Oasis appears headed for bankruptcy, while recently emerged Whiting implements more cuts

Bankruptcy, banks, Oasis

By: Renee Jean – Williston Herald – Whiting Petroleum is further cutting its costs after emerging from Chapter 11, while another Bakken energy player, Oasis Petroleum, looks like it is probably headed toward Chapter 11.

Oasis Petroleum said it has decided to defer the Sept. 15 interest payments on 6.875 percent senior unsecured notes due 2022 and 2.625 percent senior unsecured notes due in 2023 while it is discussing a “comprehensive restructuring to strengthen Oasis Petroleum’s balance sheet and financial position” with lenders and an ad hoc group of noteholders.

The company does have sufficient liquidity to continue operating in the “normal course,” the media release states.

The decision to defer the interest payments starts a 30-day “grace period,” after which the company must either pay the amount, or it will be formally in default.

Oasis Midstream Partners, an independent legal entity, is not part of the financial discussions and remains independently “well-capitalized,” the media release said.

Oasis stock closed Friday, Sept. 18, at 49 cents and was trending down 11 percent Monday afternoon. The stock was at 44 cents Monday afternoon.

Whiting, meanwhile, which emerged from bankruptcy Sept. 1, said it has further reduced its workforce another 16 percent, of which 90 percent were corporate positions. That will save the company $20 million, on an annualized basis.

Whiting also reduced the compensation of its remaining officers 15 to 20 percent, realigning bonus programs, and has initiated salary reductions across a broad group of employees.

The effect of these changes will not be realized until 2021, due to one-time charges in 2020, Whiting said in a media release.

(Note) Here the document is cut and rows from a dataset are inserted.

Lemma brC_odd x y : parity proj true x -> parity proj true y -> br x y = br y x.
Proof. by move=> xodd yodd; rewrite (brC xodd yodd) scaleN1r opprK. Qed.

(* Stronger than [central]: graded antisymmetry then also gives [y, z] = 0. *)
Definition central_parts z := forall n, central br (proj n z).

Lemma central_parts_brl z y : central_parts z -> br z y = 0.
Proof. by move=> zc; rewrite -(sum_proj Hgr z) br_suml big1 // => n _; apply: zc. Qed.

Lemma central_parts_brr z y : central_parts z -> br y z = 0.
Proof.
move=> zc; rewrite br_proj big1 // => m _; rewrite big1 // => n _.
by rewrite (brC_homog (homog_proj Hgr _ _) (homog_proj Hgr _ _)) zc scaler0 oppr0.
Qed.

Lemma central_partsD x y : central_parts x -> central_parts y -> central_parts (x + y).
Proof. by move=> xc yc n z; rewrite linearD brDl xc yc addr0. Qed.

(* The degree (n + k) part of [x, y_k] is [x_n, y_k]. *)
Lemma central_central_parts x : central br x -> central_parts x.
Proof.
move=> xc n y; rewrite -(sum_proj Hgr y) br_sumr big1 // => k _.
have homog_br j : homog proj (j + k) (br (proj j x) (proj k y)).
  exact: br_homog (homog_proj Hgr _ _) (homog_proj Hgr _ _).
have <- : proj (n + k) (br x (proj k y)) = br (proj n x) (proj k y).
  rewrite -{1}(sum_proj Hgr x) br_suml linear_sum.
  rewrite (@sum_ord_single _ (fun j => proj (n + k) (br (proj j x) (proj k y))) _ n).
  - by rewrite (proj_homog Hgr _ (homog_br n)) eqxx.
  - by move=> j neqjn; rewrite (proj_homog Hgr _ (homog_br j)) eqn_add2r eq_sym (negPf neqjn).
  - by move=> ltNn; rewrite (proj_gtN Hgr x ltNn) br0l linear0.
by rewrite xc linear0.
Qed.

Lemma iter_br0 s n : iter n (br s) 0 = 0.
Proof. by elim: n => //= n ->; rewrite br0r. Qed.

Lemma iter_brD s n x y : iter n (br s) (x + y) = iter n (br s) x + iter n (br s) y.
Proof. by elim: n => //= n ->; rewrite brDr. Qed.

Lemma parity_iter_br s b n y : parity proj false s -> parity proj b y ->
  parity proj b (iter n (br s) y).
Proof. by move=> seven yb; elim: n => //= n; apply: parity_br seven. Qed.

Lemma filt_iter_br s p n y : filt proj 2 s -> filt proj p y ->
  filt proj (n.*2 + p) (iter n (br s) y).
Proof.
move=> s2 yp; elim: n => //= n IH.
by have := filt_br s2 IH; rewrite doubleS addnA add2n.
Qed.

Lemma iter_br_eq0 s n y : filt proj 2 s -> (N < n.*2)%N -> iter n (br s) y = 0.
Proof.
move=> s2 ltNn; apply: (filt_eq0 Hgr).
by apply: filtW _ (filt_iter_br (n := n) (p := 0) s2 _); rewrite ?addn0.
Qed.
(* For every $D\in\mathrm{SL}(d+1,\mathbb R)\setminus\mathrm{SO}(d+1)$ there exist $n>0$, $R_0,R_1,\dots,R_n\in\mathrm{SO}(d+1)$ and $\alpha_1,\dots,\alpha_n\in\{-1,+1\}$ such that $$R_0D^{\alpha_1}R_1D^{\alpha_2}R_2\cdots R_{n-1}D^{\alpha_n}R_n=\mathrm{diag}(r_1,\dots,r_{d+1})$$ with $0<r_{d+1}<\min_{1\le i\le d}r_i$ and $\max_{1<i\le d}r_i^d<r_1\cdots r_d$. *)

From HB Require Import structures.
From mathcomp Require Import all_boot all_order all_algebra.
From mathcomp Require Import reals.
Set Implicit Arguments. Unset Strict Implicit. Unset Printing Implicit Defensive.
Import Order.TTheory GRing.Theory Num.Theory.
Local Open Scope ring_scope.

Definition mxSL (R : realType) (m : nat) (A : 'M[R]_m) : Prop := \det A = 1.

Definition mxSO (R : realType) (m : nat) (A : 'M[R]_m) : Prop :=
  A *m A^T = 1%:M /\ \det A = 1.

(* D^alpha for alpha in {-1,+1}: true encodes +1, false encodes -1. *)
Definition mxpow_sign (R : realType) (m : nat) (D : 'M[R]_m) (a : bool) : 'M[R]_m :=
  if a then D else invmx D.

(* The word R_0 D^{a_1} R_1 D^{a_2} R_2 ... D^{a_n} R_n,
   with Rs : 'I_n.+1 -> matrices (R_0..R_n) and a : 'I_n -> bool (a_1..a_n). *)
Definition word_prod (R : realType) (m n : nat) (D : 'M[R]_m)
    (Rs : 'I_n.+1 -> 'M[R]_m) (a : 'I_n -> bool) : 'M[R]_m :=
  Rs ord0 *m \big[mulmx/1%:M]_(i < n) (mxpow_sign D (a i) *m Rs (lift ord0 i)).

(* 1. Real spectral theorem (sym_orthogonal_diag), by induction on the size:
      a real symmetric matrix has a real eigenvector (a complex eigenvalue is
      forced to be real by symmetry), and a Householder reflection completes
      it to an orthonormal basis.
   2. Hence the singular value decomposition D = U diag(s) V with U, V
      orthogonal and s > 0 (svd_orthogonal), with U, V in SO(d+1) when
      det D = 1 (svd_SO).
   3. Conjugation by elements of SO(d+1) permutes the entries of diagonal
      matrices (SO_permutes_diag), so for any permutations pi, tau some word
      R0 D R1 D^-1 R2 is diag(s_(pi i) / s_(tau i)) (ratio_word).
   4. Since D is not in SO(d+1), two singular values differ, s_q < s_p
      (distinct_singular_values).  Taking pi, tau that agree except at the
      first and last index, where they are (p, q) and (q, p)
      (swapping_perms), the word is diag(s_p/s_q, 1, ..., 1, s_q/s_p), which
      satisfies the required inequalities (profile_inequalities). *)

From HB Require Import structures.
From mathcomp Require Import all_boot all_order all_algebra.
From mathcomp Require Import reals.
From mathcomp Require Import fingroup perm.
From mathcomp.real_closed Require Import complex.
From mathcomp Require Import ring lra.
Set Implicit Arguments. Unset Strict Implicit. Unset Printing Implicit Defensive.
Import Order.TTheory GRing.Theory Num.Theory.
Local Open Scope ring_scope.

Local Notation cRe := complex.Re.
Local Notation cIm := complex.Im.

Section RealSpectral.
Variable R : realType.
Local Notation re v := (map_mx (@cRe R) v).
Local Notation im v := (map_mx (@cIm R) v).

Lemma dot_self_ge0 n (x : 'rV[R]_n) : 0 <= (x *m x^T) 0 0.
Proof.
by rewrite mxE; apply: sumr_ge0 => k _; rewrite mxE -expr2; exact: sqr_ge0.
Qed.

Lemma dot_self_eq0 n (x : 'rV[R]_n) : (x *m x^T) 0 0 = 0 -> x = 0.
Proof.
rewrite mxE => /psumr_eq0P sq0; apply/rowP => k; rewrite mxE.
have /eqP : x 0 k * x^T k 0 = 0.
  by apply: sq0 => // i _; rewrite mxE -expr2; exact: sqr_ge0.
by rewrite mxE -expr2 sqrf_eq0 => /eqP.
Qed.

Lemma dotC n (x y : 'rV[R]_n) : (x *m y^T) 0 0 = (y *m x^T) 0 0.
Proof.
have -> : (x *m y^T) 0 0 = (x *m y^T)^T 0 0 by rewrite [RHS]mxE.
by rewrite trmx_mul trmxK.
Qed.

Lemma dotBl n (x y z : 'rV[R]_n) :
  ((x - y) *m z^T) 0 0 = (x *m z^T) 0 0 - (y *m z^T) 0 0.
Proof. by rewrite mulmxBl [LHS]mxE [X in _ + X]mxE. Qed.

Lemma dotBr n (x y z : 'rV[R]_n) :
  (x *m (y - z)^T) 0 0 = (x *m y^T) 0 0 - (x *m z^T) 0 0.
Proof. by rewrite linearB mulmxBr [LHS]mxE [X in _ + X]mxE. Qed.

Lemma ReM (x y : R[i]) : cRe (x * y) = cRe x * cRe y - cIm x * cIm y.
Proof. by case: x => a b; case: y => c e. Qed.

Lemma ImM (x y : R[i]) : cIm (x * y) = cRe x * cIm y + cIm x * cRe y.
Proof. by case: x => a b; case: y => c e. Qed.

Lemma Re_sum n (f : 'I_n -> R[i]) : cRe (\sum_i f i) = \sum_i cRe (f i).
Proof. by apply: (big_morph (@cRe R)) => // -[? ?] [? ?]. Qed.

Lemma Im_sum n (f : 'I_n -> R[i]) : cIm (\sum_i f i) = \sum_i cIm (f i).
Proof. by apply: (big_morph (@cIm R)) => // -[? ?] [? ?]. Qed.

Whiting also revised its guidance for the remainder of 2020. It now expects 88 to 92 million barrels of production, 60 percent of which is oil. Capital expenditures range between $34 to $39 million and lease operating expense ranges between $112 to $116 million.

“I’m pleased with what we have accomplished in bringing on a new board, new leadership and new vision for the Company post-emergence,” Chief Executive Officer of Whiting Lynn Peterson said. “The changes implemented are building a culture of capital discipline and demonstrating efficiencies and cost savings throughout the organization. We look forward to announcing preliminary 2021 guidance in conjunction with our third quarter 2020 results.”

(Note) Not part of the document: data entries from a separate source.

Lemma sumR_swap (g : nat -> nat -> R) (N L : nat) :
  sumR (fun n => sumR (fun l => g n l) L) N = sumR (fun l => sumR (fun n => g n l) N) L.
Proof.
  induction N as [|N IH]; simpl.
  - rewrite sumR_const; simpl; ring.
  - rewrite IH, <- sumR_plus; reflexivity.
Qed.

Lemma sumR_split (f : nat -> R) (a b n : nat) :
  n = (a + b)%nat -> sumR f n = sumR f a + sumR (fun i => f (a + i)%nat) b.
Proof.
  intros ->. induction b as [|b IH]; simpl.
  - rewrite Nat.add_0_r; ring.
  - rewrite Nat.add_succ_r; simpl. rewrite IH; ring.
Qed.

Lemma sumR_first (f : nat -> R) (n : nat) :
  sumR f (S n) = f O + sumR (fun i => f (S i)) n.
Proof. rewrite (sumR_split f 1 n) by lia. simpl; ring. Qed.

Lemma sumR_prefix (f : nat -> R) (K N : nat) :
  (K <= N)%nat -> (forall i, (i < N)%nat -> 0 <= f i) -> sumR f K <= sumR f N.
Proof.
  intros HK H. rewrite (sumR_split f K (N - K) N) by lia.
  assert (0 <= sumR (fun i => f (K + i)%nat) (N - K)) by (apply sumR_nonneg; intros; apply H; lia).
  lra.
Qed.

Lemma abel_identity (a U : nat -> R) (L : nat) : U O = 0 ->
  sumR (fun l => a (S l) * (U (S l) - U l)) L
  = a L * U L + sumR (fun l => (a l - a (S l)) * U l) L.
Proof. intros H0. induction L as [|L IH]; simpl; [rewrite H0; ring|]. rewrite IH; ring. Qed.

Lemma abel_domination (a U m : nat -> R) (L : nat) :
  U O = 0 -> m O = 0 ->
  (forall l, 0 <= a l) -> (forall l, (1 <= l)%nat -> a (S l) <= a l) ->
  (forall l, Rabs (U l) <= m l) ->
  Rabs (sumR (fun l => a (S l) * (U (S l) - U l)) L)
  <= sumR (fun l => a (S l) * (m (S l) - m l)) L.
Proof.
  intros HU0 Hm0 Hpos Hdec Hdom.
  rewrite !abel_identity by assumption.
  eapply Rle_trans; [apply Rabs_triang|]. apply Rplus_le_compat.
  - rewrite Rabs_mult, (Rabs_right (a L)) by (apply Rle_ge, Hpos).
    apply Rmult_le_compat_l; [apply Hpos | apply Hdom].
  - eapply Rle_trans; [apply sumR_abs|]. apply sumR_le. intros [|l] _.
    + rewrite HU0, Hm0, Rmult_0_r, Rabs_R0; lra.
    + assert (Hd : 0 <= a (S l) - a (S (S l))) by (pose proof (Hdec (S l) ltac:(lia)); lra).
      rewrite Rabs_mult, (Rabs_right (a (S l) - a (S (S l)))) by lra.
      apply Rmult_le_compat_l; [lra | apply Hdom].
Qed.

Lemma sum_cos_odd (th : R) (N : nat) :
  2 * sin th * sumR (fun n => cos ((2 * INR n + 1) * th)) N = sin (2 * INR N * th).
Proof.
  induction N as [|N IH]; simpl sumR.
  - simpl INR. replace (2 * 0 * th) with 0 by ring. rewrite sin_0; ring.
  - rewrite Rmult_plus_distr_l, IH, S_INR.
    replace (2 * INR N * th) with ((2 * INR N + 1) * th - th) by ring.
    replace (2 * (INR N + 1) * th) with ((2 * INR N + 1) * th + th) by ring.
    rewrite sin_minus, sin_plus; ring.
Qed.

Lemma sum_sin_odd (th : R) (N : nat) :
  2 * sin th * sumR (fun n => sin ((2 * INR n + 1) * th)) N = 1 - cos (2 * INR N * th).
Proof.
  induction N as [|N IH]; simpl sumR.
  - simpl INR. replace (2 * 0 * th) with 0 by ring. rewrite cos_0; ring.
  - rewrite Rmult_plus_distr_l, IH, S_INR.
    replace (2 * INR N * th) with ((2 * INR N + 1) * th - th) by ring.
    replace (2 * (INR N + 1) * th) with ((2 * INR N + 1) * th + th) by ring.
    rewrite cos_minus, cos_plus; ring.
Qed.

Lemma sin_frac_PI_pos (j N : nat) :
  (1 <= j)%nat -> (j < N)%nat -> 0 < sin (INR j * PI / INR N).
Proof.
  intros Hj HN. pose proof PI_RGT_0.
  assert (1 <= INR j) by (apply (le_INR 1); lia).
  assert (INR j < INR N) by (apply lt_INR; lia).
  apply sin_gt_0.
  - apply Rdiv_lt_0_compat; nra.
  - apply (Rmult_lt_reg_r (INR N)); [lra|].
    unfold Rdiv. rewrite Rmult_assoc, Rinv_l by lra. nra.
Qed.

Lemma grid_cos_sum (N j : nat) :
  (1 <= j)%nat -> (j < N)%nat -> sumR (fun n => cos (INR j * kn N n)) N = 0.
Proof.
  intros Hj HN. set (th := INR j * PI / INR N).
  assert (HNp : 0 < INR N) by (apply lt_0_INR; lia).
  pose proof (sin_frac_PI_pos j N Hj HN) as Hth. fold th in Hth.
  rewrite (sumR_ext _ (fun n => cos ((2 * INR n + 1) * th)))
    by (intros; unfold th, kn; f_equal; field; lra).
  apply (Rmult_eq_reg_l (2 * sin th)); [|lra].
  rewrite sum_cos_odd, Rmult_0_r.
  replace (2 * INR N * th) with (0 + 2 * INR j * PI) by (unfold th; field; lra).
  rewrite sin_period; apply sin_0.
Qed.

Lemma grid_sin_sum (N : nat) : (2 <= N)%nat -> sumR (fun n => sin (kn N n)) N = 0.
Proof.
  intros HN. set (th := INR 1 * PI / INR N).
  assert (HNp : 0 < INR N) by (apply lt_0_INR; lia).
  pose proof (sin_frac_PI_pos 1 N (le_n 1) HN) as Hth. fold th in Hth.
  rewrite (sumR_ext _ (fun n => sin ((2 * INR n + 1) * th)))
    by (intros; unfold th, kn; simpl INR; f_equal; field; lra).
  apply (Rmult_eq_reg_l (2 * sin th)); [|lra].
  rewrite sum_sin_odd, Rmult_0_r.
  replace (2 * INR N * th) with (2 * PI) by (unfold th; simpl INR; field; lra).
  rewrite cos_2PI; ring.
Qed.

Lemma grid_orthogonality (N l : nat) :
  (1 <= l)%nat -> (l + 1 < N)%nat ->
  sumR (fun n => sin (kn N n * INR l) * sin (kn N n)) N
  = if Nat.eq_dec l 1 then INR N / 2 else 0.
Proof.
  intros Hl HN.
  rewrite (sumR_ext _ (fun n => / 2 * cos (INR (l - 1) * kn N n)
                               + - / 2 * cos (INR (l + 1) * kn N n))).
  2:{ intros n _. rewrite minus_INR, plus_INR by lia. simpl INR.
      replace ((INR l - 1) * kn N n) with (kn N n * INR l - kn N n) by ring.
      replace ((INR l + 1) * kn N n) with (kn N n * INR l + kn N n) by ring.
      rewrite cos_minus, cos_plus; field. }
  rewrite sumR_plus, !sumR_scal, (grid_cos_sum N (l + 1)) by lia.
  destruct (Nat.eq_dec l 1) as [->|Hl1].
  - rewrite (sumR_ext _ (fun _ => 1)) by (intros; simpl INR; rewrite Rmult_0_l; apply cos_0).
    rewrite sumR_const; field.
  - rewrite (grid_cos_sum N (l - 1)) by lia; ring.
Qed.

Lemma kappa_pos (a : R) (l : nat) : 0 < kappa a l.
Proof. unfold kappa, Rpower. apply exp_pos. Qed.

Lemma kappa_one (a : R) : kappa a 1 = 1.
Proof. unfold kappa, Rpower. simpl INR. rewrite ln_1, Rmult_0_r. apply exp_0. Qed.

Lemma kappa_flat (l : nat) : kappa 0 l = 1.
Proof. unfold kappa, Rpower. rewrite Ropp_0, Rmult_0_l. apply exp_0. Qed.

Lemma ln_le_sub1 (x : R) : 0 < x -> ln x <= x - 1.
Proof. intros Hx. pose proof (exp_ineq1_le (ln x)). rewrite exp_ln in H by exact Hx. lra. Qed.

Lemma ln_ge_1_sub_inv (x : R) : 0 < x -> 1 - / x <= ln x.
Proof.
  intros Hx. pose proof (ln_le_sub1 (/ x) (Rinv_0_lt_compat x Hx)).
  rewrite ln_Rinv in H by exact Hx. lra.
Qed.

That earnings call is scheduled for November.

Oasis and Whiting are among oil and gas companies that are struggling with high debts amid a demand-crushing pandemic and concurrent price war between Saudi Arabia and Russia that further depressed prices and has left the world awash in oil.

Prices after these twin blows to the energy sector are likely to be lower for longer, according to EIA projections, based on continued weak demand due to the coronavirus pandemic. The projections suggest the earliest hydraulic fracturing crews might return is the latter half of 2021.

Rigs will take even longer than that, though, and in fact, EIA doesn’t actually show them returning within their current forecast window — although other projections suggest they could return sometime in 2022.